Abstracts

Rationale: Clinical genetic discoveries aim to deepen biomedical knowledge of the mechanisms underlying the epilepsies, ultimately to enable advances in treatment and counseling. Rare genetic variants in established epilepsy genes can be sufficient to cause distinctive syndromes, recurring in families or arising de novo. Rare variants are also found in people with common epilepsies. Their scarcity in unselected populations suggests that these variants are likely to be detrimental biologically, and consequently, we hypothesize, to influence clinical manifestations. However, while the scale of modern genomic studies indicates vast potential for genotype-phenotype discovery, it also burdens manual phenotypic interpretation, typically constraining resolution to epilepsy types and broad syndromes.

Methods: We formalized the comparison of people with epilepsy by their clinical features, modeling clinical reasoning computationally for large cohorts. We optimized the Human Phenotype Ontology (HPO) and similarity algorithms for application to the epilepsies. The HPO represents the relationships between clinical concepts, allowing harmonization and analysis of clinical data. Extending our previous work, we collected further clinical data (including free text comments) from the Epi25 Collaborative and mapped these to HPO concepts manually. We reanalyzed established epilepsy genes by semantic similarity analysis and Fisher’s exact test before shifting focus to variants in new candidate genes and sets of biologically related genes.

Results: We analyzed the clinical and whole exome data available from people with epilepsy but without clinical genetic diagnosis recruited to the Epi25 Collaborative study. After quality control the cohort included 11,544 people with both genetic and clinical data, the latter yielding 286,490 HPO annotations using a repertoire of 1,579 clinical concepts. Established epilepsy genes had high semantic similarity, validating our approach.
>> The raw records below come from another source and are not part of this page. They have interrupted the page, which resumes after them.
(* Let $J\subseteq\mathbb{R}$ be an interval, $f:J\to\mathbb{R}$ convex, $a,b\in J$, $\nu\in[0,1]$, $r=\min\{\nu,1-\nu\}$, $R=\max\{\nu,1-\nu\}$, and $$\Phi_f(\nu):=\int_0^1\left(\frac{f\big(a\nabla_{\nu\lambda}b\big)+f\big(b\nabla_{(1-\nu)\lambda}a\big)}{2}-f\Big(a\nabla_{\frac{1+\lambda(2\nu-1)}{2}}b\Big)\right)d\lambda,\qquad \Delta_f:=\frac{f(a)+f(b)}{2}-f\Big(\frac{a+b}{2}\Big).$$ Then $$2\big(r\,\Phi_f(\nu)+\widetilde r(\nu)\,\Delta_f\big)\le f(a)\nabla_\nu f(b)-f\big(a\nabla_\nu b\big)\le 2\big(R\,\Phi_f(\nu)+\widetilde R(\nu)\,\Delta_f\big).$$
   Context: For real $x,y$ and $\mu\in[0,1]$, $x\nabla_\mu y:=(1-\mu)x+\mu y$. For $\lambda\in[0,1]$ let $r_1(\lambda)=\min\{\nu\lambda,1-\nu\lambda\}$, $r_2(\lambda)=\min\{(1-\nu)\lambda,1-(1-\nu)\lambda\}$, $R_1(\lambda)=\max\{\nu\lambda,1-\nu\lambda\}$, $R_2(\lambda)=\max\{(1-\nu)\lambda,1-(1-\nu)\lambda\}$, and $\widetilde r(\nu):=\int_0^1((1-\nu)r_1(\lambda)+\nu r_2(\lambda))d\lambda$, $\widetilde R(\nu):=\int_0^1((1-\nu)R_1(\lambda)+\nu R_2(\lambda))d\lambda$. *)

From Stdlib Require Import Reals.
From Coquelicot Require Import Coquelicot.
Open Scope R_scope.

Definition nabla (x y mu : R) : R := (1 - mu) * x + mu * y.

Definition is_interval (J : R -> Prop) : Prop :=
  forall x y z, J x -> J z -> x <= y <= z -> J y.

Definition convex_on (J : R -> Prop) (f : R -> R) : Prop :=
  forall x y t, J x -> J y -> 0 <= t <= 1 ->
    f (nabla x y t) <= nabla (f x) (f y) t.

Definition r1 (nu lam : R) : R := Rmin (nu * lam) (1 - nu * lam).
Definition r2 (nu lam : R) : R := Rmin ((1 - nu) * lam) (1 - (1 - nu) * lam).
Definition R1 (nu lam : R) : R := Rmax (nu * lam) (1 - nu * lam).
Definition R2 (nu lam : R) : R := Rmax ((1 - nu) * lam) (1 - (1 - nu) * lam).

Definition rtilde (nu : R) : R :=
  RInt (fun lam => (1 - nu) * r1 nu lam + nu * r2 nu lam) 0 1.
Definition Rtilde (nu : R) : R :=
  RInt (fun lam => (1 - nu) * R1 nu lam + nu * R2 nu lam) 0 1.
For example, 111 people carrying variants in SCN1A were similar (unadjusted p < 0.004) and had strong associations with focal hemiclonic (odds ratio, OR = 9.7) and febrile seizures (OR = 4.7), pyramidal signs (OR = 15), and encephalopathy (OR = 2.7). Exploration of novel genes identified several candidates with significant phenotypic similarity, which may hint at novel genetic etiologies. Individuals with variants in axon initiation segment genes were similar (p < 0.01), as were those with truncating variants in presynaptic genes (p < 0.05).
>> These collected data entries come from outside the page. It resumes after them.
Lemma path_crosses_cut x p : S x -> path e x p -> ~~ S (last x p) ->
  u \in x :: p /\ u' \in p.
Proof.
elim: p x => [|y p IH] x Sx /=; first by rewrite Sx.
move=> /andP[exy pp] Sl; case Sy: (S y).
  by have [h1 h2] := IH y Sy pp Sl; rewrite inE h1 orbT inE h2 orbT.
by have [-> ->] := cut_out exy Sx (negbT Sy); rewrite !inE !eqxx.
Qed.

Lemma cut_path_single p : path e u p -> last u p = u' -> uniq (u :: p) -> p = [:: u'].
Proof.
case: p => [|z p] /=; first by move=> _ uu'; move: u'S; rewrite -uu' uS.
move=> /andP[euz pp] lp /andP[up /andP[zp _]].
case Sz: (S z).
  have := path_crosses_cut Sz pp; rewrite lp => /(_ u'S) [uzp _].
  by rewrite uzp in up.
have [_ zu'] := cut_out euz uS (negbT Sz); subst z.
by case: p {pp up} lp zp => //= w p <-; rewrite mem_last.
Qed.

Lemma cut_paths_not_disjoint x y p q : S x -> ~~ S y ->
  vw_path e x y p -> vw_path e x y q -> p != q -> ~ int_disjoint y p q.
Proof.
move=> Sx Sy /and3P[pp /eqP lp up] /and3P[qp /eqP lq uq] pq dis.
have := path_crosses_cut Sx pp; rewrite lp => /(_ Sy) [up1 up2].
have := path_crosses_cut Sx qp; rewrite lq => /(_ Sy) [uq1 uq2].
have u'y := dis _ up2 uq2; rewrite -u'y in lp lq dis.
case: (eqVneq x u) => [xu|xu]; last first.
  move: up1 uq1; rewrite !inE eq_sym (negbTE xu) /= => up1 uq1.
  by move: u'S; rewrite -(dis _ up1 uq1) uS.
subst x; move: pq.
by rewrite (cut_path_single pp lp up) (cut_path_single qp lq uq) eqxx.
Qed.

Lemma kappa_cut x y : S x -> ~~ S y -> connect e x y -> kappa e x y = 1.
Proof.
move=> Sx Sy cxy; apply/eqP; rewrite eqn_leq kappa_connect // andbT.
have [[|p [|q s]] [[us /allP ps dis] <-]] := kappa_witness e x y => //=.
have pin : p \in [:: p, q & s] by rewrite mem_head.
have qin : q \in [:: p, q & s] by rewrite !inE eqxx orbT.
have pq : p != q by move: us; rewrite /= inE negb_or => /andP[/andP[]].
by case: (cut_paths_not_disjoint Sx Sy (ps _ pin) (ps _ qin) pq (dis _ _ pin qin pq)).
Qed.

End CutEdge.

Section InducedSubgraph.
Variables (T T' : finType) (e : rel T) (e' : rel T') (f : T' -> T) (g : T -> option T').
Hypotheses (fK : pcancel f g) (gK : ocancel g f).
Hypothesis e_f : forall x y, e (f x) (f y) = e' x y.
Hypothesis paths_stay : forall x p,
  g x -> uniq (x :: p) -> path e x p -> g (last x p) -> all [eta g] p.

Let f_inj : injective f := pcan_inj fK.

Lemma path_map_emb x p : path e (f x) (map f p) = path e' x p.
Proof. by elim: p x => //= y p IH x; rewrite e_f IH. Qed.

Lemma vw_path_map_emb a b p : vw_path e (f a) (f b) (map f p) = vw_path e' a b p.
Proof.
by rewrite /vw_path path_map_emb last_map (inj_eq f_inj) -map_cons (map_inj_uniq f_inj).
Qed.

Lemma idp_family_map_emb a b s :
  idp_family e (f a) (f b) (map (map f) s) <-> idp_family e' a b s.
Proof.
have mapf_inj := inj_map f_inj.
rewrite /idp_family (map_inj_uniq mapf_inj) all_map (eq_all (@vw_path_map_emb a b)).
split=> -[us ps dis]; split=> //.
  move=> p q pin qin pq x xp xq; apply: f_inj.
  by apply: (dis (map f p) (map f q)); rewrite ?map_f ?(inj_eq mapf_inj).
move=> _ _ /mapP[p pin ->] /mapP[q qin ->] pq _ /mapP[x xp ->].
rewrite (mem_map f_inj) => xq.
have {}pq : p != q by apply: contra_neq pq => ->.
by rewrite (dis p q pin qin pq x xp xq).
Qed.

Lemma has_idp_emb a b k : has_idp e (f a) (f b) k <-> has_idp e' a b k.
Proof.
split=> -[s [fam <-]].
  exists (map (pmap g) s); split; last by rewrite size_map.
  apply/(idp_family_map_emb a b); rewrite -map_comp map_id_in // => p pin /=.
  case: fam => _ /allP/(_ p pin)/and3P[pp /eqP lp up] _.
  rewrite (pmap_filter gK); apply/all_filterP/(paths_stay _ up pp); by rewrite ?lp fK.
by exists (map (map f) s); rewrite size_map; split=> //; apply/idp_family_map_emb.
Qed.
Conclusions: In this largest ever genotype-phenotype analysis in epilepsy, we demonstrated phenotypic evidence implicating particular genes and gene sets in clinical epilepsies. We confirmed classical associations with established monogenic epilepsy genes in people without the respective clinical diagnosis. In addition, our exploratory analysis has prioritized candidates for testing in independent cohorts. Recognition of the clinical associations of molecular features facilitates their use in classifications that integrate clinical and biological perspectives, paving the way for stratified natural history studies and clinical trials.

Funding: Please list any funding that was received in support of this abstract.: Wellcome, The Hartwell Foundation, NHGRI, NINDS.